### EXERCISE DETAILS
Among the records that follow, find the line with "sqrt (l2sq h" and the line with "t k <= eta).". Set down those lines and all lines between them exactly, without adding anything.
──────── MATERIAL TO PROCESS
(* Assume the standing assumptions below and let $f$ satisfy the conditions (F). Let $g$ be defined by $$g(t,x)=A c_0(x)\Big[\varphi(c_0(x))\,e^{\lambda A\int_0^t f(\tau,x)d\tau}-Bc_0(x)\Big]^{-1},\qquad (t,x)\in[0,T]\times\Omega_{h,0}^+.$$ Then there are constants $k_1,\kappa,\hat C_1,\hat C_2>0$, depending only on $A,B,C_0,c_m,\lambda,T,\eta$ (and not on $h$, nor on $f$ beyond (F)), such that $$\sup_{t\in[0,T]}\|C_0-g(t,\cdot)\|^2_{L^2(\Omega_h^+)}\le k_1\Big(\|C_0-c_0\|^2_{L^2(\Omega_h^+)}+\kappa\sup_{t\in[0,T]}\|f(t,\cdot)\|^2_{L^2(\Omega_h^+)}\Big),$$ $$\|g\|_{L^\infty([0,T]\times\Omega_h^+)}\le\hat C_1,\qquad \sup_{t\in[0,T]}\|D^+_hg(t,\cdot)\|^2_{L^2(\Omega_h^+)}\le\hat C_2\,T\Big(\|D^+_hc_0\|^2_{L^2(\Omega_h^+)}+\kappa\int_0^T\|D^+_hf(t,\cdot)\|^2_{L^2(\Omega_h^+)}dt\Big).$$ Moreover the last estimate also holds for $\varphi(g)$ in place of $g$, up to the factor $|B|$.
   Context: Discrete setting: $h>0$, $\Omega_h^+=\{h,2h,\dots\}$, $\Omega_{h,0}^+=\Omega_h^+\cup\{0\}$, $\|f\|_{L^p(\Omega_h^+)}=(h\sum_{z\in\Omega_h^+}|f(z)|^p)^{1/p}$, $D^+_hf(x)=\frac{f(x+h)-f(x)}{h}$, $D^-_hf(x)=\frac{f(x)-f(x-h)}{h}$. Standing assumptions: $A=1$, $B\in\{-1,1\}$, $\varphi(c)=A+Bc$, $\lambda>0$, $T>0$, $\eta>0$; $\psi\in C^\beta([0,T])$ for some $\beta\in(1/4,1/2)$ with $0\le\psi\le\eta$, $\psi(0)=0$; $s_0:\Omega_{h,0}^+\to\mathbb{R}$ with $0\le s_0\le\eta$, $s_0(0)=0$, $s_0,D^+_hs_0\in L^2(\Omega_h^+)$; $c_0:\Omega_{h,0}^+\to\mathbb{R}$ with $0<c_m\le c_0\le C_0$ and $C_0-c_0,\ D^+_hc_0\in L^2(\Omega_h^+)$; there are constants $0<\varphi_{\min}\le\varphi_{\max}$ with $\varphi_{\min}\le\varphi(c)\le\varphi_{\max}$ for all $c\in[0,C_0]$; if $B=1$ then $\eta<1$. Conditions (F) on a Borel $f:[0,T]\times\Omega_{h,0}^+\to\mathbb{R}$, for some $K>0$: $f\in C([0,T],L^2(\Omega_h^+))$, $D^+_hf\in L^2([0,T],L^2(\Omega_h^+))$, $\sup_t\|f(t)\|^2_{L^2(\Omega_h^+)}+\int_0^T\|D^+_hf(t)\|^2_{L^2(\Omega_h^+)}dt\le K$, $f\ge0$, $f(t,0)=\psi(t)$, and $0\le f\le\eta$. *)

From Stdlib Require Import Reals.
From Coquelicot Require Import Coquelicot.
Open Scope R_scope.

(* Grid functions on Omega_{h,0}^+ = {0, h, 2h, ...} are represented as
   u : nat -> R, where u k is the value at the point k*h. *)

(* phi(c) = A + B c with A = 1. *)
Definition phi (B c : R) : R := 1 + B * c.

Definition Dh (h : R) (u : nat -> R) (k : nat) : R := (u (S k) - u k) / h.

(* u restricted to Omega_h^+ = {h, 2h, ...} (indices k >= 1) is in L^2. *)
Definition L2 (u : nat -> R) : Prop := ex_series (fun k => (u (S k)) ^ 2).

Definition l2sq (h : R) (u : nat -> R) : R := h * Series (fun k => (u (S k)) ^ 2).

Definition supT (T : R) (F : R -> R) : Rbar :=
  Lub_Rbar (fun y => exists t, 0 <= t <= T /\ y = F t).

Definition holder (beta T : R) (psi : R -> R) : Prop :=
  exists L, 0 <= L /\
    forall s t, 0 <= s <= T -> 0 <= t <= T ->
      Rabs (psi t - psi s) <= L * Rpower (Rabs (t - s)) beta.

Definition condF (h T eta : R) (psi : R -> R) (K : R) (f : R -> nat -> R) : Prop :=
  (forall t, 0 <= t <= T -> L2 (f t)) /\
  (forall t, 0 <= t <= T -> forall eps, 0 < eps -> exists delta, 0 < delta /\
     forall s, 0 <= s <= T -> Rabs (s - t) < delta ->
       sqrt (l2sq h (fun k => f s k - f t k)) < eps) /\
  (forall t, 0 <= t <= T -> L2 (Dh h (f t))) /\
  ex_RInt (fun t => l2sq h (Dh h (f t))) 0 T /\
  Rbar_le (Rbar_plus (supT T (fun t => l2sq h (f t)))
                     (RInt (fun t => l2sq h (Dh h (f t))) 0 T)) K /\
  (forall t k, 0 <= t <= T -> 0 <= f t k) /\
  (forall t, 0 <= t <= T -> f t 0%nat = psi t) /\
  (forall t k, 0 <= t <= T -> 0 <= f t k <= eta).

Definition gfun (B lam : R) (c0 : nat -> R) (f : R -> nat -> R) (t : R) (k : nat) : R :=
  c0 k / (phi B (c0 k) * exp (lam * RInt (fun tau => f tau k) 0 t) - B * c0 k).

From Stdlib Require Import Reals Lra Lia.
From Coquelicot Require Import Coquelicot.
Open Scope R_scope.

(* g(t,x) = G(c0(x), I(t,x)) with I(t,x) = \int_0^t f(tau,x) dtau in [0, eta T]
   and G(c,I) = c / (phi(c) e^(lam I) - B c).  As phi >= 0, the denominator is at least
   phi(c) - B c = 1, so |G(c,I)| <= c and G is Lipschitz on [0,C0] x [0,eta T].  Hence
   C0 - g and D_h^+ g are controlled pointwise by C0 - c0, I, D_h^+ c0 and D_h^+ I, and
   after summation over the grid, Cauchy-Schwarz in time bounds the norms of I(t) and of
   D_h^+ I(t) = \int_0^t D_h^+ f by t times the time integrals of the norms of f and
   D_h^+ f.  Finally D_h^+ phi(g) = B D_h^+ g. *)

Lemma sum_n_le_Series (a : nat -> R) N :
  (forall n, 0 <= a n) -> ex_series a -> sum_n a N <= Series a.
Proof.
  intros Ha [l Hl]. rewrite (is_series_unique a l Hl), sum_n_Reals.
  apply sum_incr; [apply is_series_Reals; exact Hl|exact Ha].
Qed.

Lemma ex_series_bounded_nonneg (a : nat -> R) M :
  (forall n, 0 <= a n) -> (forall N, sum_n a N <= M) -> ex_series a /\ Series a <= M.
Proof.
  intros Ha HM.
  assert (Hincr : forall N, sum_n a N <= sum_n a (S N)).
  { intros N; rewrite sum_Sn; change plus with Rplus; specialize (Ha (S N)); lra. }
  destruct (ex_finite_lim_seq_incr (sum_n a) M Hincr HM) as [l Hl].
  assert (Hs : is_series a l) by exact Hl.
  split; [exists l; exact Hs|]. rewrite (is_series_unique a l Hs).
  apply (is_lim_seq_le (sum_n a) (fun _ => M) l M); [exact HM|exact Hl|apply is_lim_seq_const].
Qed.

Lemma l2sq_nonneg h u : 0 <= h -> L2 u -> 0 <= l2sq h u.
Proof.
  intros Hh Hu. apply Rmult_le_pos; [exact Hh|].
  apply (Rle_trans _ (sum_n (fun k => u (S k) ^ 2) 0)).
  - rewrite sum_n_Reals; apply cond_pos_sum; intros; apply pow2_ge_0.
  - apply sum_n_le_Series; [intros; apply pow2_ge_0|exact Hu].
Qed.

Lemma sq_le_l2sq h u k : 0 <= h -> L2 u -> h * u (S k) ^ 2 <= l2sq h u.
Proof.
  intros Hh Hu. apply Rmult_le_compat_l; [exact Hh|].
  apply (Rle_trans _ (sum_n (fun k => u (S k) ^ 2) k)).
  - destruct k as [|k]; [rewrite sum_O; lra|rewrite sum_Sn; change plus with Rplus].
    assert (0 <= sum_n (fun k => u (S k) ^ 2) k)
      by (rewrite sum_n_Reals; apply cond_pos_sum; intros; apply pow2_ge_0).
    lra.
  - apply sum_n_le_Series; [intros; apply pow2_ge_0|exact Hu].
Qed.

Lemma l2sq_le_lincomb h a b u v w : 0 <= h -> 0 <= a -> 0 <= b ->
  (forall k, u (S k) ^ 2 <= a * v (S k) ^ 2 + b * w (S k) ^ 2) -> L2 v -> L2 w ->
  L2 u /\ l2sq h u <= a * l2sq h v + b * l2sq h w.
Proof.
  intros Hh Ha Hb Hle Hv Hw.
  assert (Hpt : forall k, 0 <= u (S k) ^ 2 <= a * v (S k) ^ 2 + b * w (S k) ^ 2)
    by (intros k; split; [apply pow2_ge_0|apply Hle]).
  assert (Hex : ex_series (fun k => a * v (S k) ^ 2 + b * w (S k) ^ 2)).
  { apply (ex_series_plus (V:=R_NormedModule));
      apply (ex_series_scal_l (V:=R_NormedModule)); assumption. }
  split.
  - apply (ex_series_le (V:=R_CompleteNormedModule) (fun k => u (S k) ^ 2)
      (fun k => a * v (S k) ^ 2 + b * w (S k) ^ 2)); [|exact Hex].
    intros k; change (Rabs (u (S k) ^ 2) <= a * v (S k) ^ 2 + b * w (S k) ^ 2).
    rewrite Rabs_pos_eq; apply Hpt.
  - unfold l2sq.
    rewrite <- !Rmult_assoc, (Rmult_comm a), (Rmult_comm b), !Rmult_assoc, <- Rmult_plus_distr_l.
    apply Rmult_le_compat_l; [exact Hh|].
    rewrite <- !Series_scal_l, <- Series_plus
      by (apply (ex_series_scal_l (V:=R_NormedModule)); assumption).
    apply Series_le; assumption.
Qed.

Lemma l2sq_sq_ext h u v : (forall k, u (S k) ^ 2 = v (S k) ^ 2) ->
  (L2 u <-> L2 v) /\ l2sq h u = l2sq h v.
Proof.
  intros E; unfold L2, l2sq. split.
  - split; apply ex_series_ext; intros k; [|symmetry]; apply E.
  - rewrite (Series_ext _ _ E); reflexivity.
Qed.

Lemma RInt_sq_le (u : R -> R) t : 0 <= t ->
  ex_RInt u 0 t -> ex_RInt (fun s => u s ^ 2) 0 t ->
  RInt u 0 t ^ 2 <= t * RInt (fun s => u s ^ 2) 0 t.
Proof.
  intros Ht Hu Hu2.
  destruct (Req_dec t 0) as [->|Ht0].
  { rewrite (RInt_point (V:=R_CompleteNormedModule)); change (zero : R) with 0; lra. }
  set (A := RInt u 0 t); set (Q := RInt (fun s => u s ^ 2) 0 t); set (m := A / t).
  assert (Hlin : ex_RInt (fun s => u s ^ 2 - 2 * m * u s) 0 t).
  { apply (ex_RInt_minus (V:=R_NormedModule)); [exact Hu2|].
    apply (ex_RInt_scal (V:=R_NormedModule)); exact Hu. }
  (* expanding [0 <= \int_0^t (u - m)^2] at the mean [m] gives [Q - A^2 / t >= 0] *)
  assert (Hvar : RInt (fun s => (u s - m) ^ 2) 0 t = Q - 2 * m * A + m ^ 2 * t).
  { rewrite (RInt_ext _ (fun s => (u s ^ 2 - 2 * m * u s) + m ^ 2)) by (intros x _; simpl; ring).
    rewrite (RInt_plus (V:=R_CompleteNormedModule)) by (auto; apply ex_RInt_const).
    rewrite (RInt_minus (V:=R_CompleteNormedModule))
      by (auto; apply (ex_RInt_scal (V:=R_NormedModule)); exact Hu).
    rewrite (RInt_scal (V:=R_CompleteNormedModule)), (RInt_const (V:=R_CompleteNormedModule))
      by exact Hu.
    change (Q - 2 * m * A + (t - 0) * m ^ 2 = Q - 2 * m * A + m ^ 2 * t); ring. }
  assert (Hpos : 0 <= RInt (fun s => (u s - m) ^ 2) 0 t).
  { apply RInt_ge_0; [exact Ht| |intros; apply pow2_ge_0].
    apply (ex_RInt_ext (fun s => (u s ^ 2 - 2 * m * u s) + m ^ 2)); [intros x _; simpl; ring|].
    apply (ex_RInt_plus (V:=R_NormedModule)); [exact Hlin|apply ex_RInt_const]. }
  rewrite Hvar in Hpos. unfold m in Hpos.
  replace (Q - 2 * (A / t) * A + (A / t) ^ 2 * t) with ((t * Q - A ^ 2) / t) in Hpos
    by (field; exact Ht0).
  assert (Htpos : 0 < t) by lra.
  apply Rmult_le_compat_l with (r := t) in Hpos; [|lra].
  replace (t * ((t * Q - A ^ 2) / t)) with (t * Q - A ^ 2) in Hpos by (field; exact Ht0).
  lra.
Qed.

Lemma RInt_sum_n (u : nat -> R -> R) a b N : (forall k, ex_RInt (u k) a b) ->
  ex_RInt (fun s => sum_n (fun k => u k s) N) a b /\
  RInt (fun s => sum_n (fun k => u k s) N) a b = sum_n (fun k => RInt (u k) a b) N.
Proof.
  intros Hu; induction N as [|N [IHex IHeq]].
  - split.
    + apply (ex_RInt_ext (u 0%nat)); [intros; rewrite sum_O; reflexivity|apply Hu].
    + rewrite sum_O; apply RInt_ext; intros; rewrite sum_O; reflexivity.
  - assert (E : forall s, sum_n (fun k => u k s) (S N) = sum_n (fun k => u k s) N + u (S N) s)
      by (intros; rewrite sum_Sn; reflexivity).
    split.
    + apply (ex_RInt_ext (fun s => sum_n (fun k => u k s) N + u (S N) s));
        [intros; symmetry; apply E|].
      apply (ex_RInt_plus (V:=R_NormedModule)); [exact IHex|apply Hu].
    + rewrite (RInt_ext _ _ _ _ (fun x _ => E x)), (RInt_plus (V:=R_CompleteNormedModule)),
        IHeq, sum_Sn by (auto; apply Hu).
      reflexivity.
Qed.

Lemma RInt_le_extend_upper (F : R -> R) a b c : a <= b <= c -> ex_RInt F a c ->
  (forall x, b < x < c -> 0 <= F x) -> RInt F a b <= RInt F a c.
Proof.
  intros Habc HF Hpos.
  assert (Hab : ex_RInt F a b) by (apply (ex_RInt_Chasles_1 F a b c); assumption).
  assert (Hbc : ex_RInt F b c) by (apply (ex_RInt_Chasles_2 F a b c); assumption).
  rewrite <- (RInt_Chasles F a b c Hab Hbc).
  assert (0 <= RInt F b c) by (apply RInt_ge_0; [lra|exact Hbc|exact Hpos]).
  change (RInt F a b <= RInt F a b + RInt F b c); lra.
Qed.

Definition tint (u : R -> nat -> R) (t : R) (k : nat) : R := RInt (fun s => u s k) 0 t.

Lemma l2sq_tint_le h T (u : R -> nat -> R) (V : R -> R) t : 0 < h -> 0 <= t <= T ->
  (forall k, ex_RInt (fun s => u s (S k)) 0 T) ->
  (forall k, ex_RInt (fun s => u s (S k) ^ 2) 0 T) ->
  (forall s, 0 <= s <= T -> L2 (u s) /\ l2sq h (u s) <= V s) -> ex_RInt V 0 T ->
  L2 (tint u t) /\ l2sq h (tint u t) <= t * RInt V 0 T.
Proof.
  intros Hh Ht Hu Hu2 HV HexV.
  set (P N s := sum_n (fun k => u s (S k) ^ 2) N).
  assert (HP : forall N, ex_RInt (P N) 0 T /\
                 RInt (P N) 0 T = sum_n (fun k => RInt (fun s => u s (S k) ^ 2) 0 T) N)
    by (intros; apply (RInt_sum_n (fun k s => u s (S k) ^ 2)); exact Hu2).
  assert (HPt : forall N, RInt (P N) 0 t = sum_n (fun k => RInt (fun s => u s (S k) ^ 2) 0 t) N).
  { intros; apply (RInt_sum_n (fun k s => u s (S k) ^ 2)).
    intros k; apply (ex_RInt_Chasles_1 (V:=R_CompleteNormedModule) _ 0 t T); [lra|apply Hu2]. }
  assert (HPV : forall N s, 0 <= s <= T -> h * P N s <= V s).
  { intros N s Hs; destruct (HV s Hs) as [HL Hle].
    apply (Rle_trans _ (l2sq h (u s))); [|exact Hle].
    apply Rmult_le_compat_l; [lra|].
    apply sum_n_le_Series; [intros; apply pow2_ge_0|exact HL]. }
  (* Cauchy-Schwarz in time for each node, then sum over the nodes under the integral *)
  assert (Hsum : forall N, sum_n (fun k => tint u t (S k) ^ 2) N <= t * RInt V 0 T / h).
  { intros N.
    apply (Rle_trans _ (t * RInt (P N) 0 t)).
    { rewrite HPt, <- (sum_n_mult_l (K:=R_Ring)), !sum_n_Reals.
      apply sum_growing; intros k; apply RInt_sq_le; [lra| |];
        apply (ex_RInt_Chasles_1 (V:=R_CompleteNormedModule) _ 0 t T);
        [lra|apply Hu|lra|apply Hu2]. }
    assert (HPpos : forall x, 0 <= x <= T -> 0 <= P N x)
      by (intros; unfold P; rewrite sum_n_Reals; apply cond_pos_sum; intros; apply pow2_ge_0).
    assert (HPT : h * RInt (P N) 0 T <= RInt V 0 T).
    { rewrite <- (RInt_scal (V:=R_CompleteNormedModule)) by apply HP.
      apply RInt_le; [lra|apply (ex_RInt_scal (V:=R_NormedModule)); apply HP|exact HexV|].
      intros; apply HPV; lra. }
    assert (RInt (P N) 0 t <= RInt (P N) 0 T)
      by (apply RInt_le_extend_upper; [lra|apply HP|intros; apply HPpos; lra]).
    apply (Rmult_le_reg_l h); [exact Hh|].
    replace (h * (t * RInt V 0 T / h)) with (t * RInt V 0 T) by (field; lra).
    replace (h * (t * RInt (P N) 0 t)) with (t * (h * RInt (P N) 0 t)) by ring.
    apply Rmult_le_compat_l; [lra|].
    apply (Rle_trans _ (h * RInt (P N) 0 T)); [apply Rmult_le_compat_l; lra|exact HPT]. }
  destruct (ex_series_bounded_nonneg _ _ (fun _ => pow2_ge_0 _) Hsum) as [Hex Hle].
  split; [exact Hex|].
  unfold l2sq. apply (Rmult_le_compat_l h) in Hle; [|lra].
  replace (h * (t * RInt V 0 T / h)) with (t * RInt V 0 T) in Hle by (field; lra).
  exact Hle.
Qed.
────────────────
### EXERCISE OUTPUT
       sqrt (l2sq h (fun k => f s k - f t k)) < eps) /\
  (forall t, 0 <= t <= T -> L2 (Dh h (f t))) /\
  ex_RInt (fun t => l2sq h (Dh h (f t))) 0 T /\
  Rbar_le (Rbar_plus (supT T (fun t => l2sq h (f t)))
                     (RInt (fun t => l2sq h (Dh h (f t))) 0 T)) K /\
  (forall t k, 0 <= t <= T -> 0 <= f t k) /\
  (forall t, 0 <= t <= T -> f t 0%nat = psi t) /\
  (forall t k, 0 <= t <= T -> 0 <= f t k <= eta).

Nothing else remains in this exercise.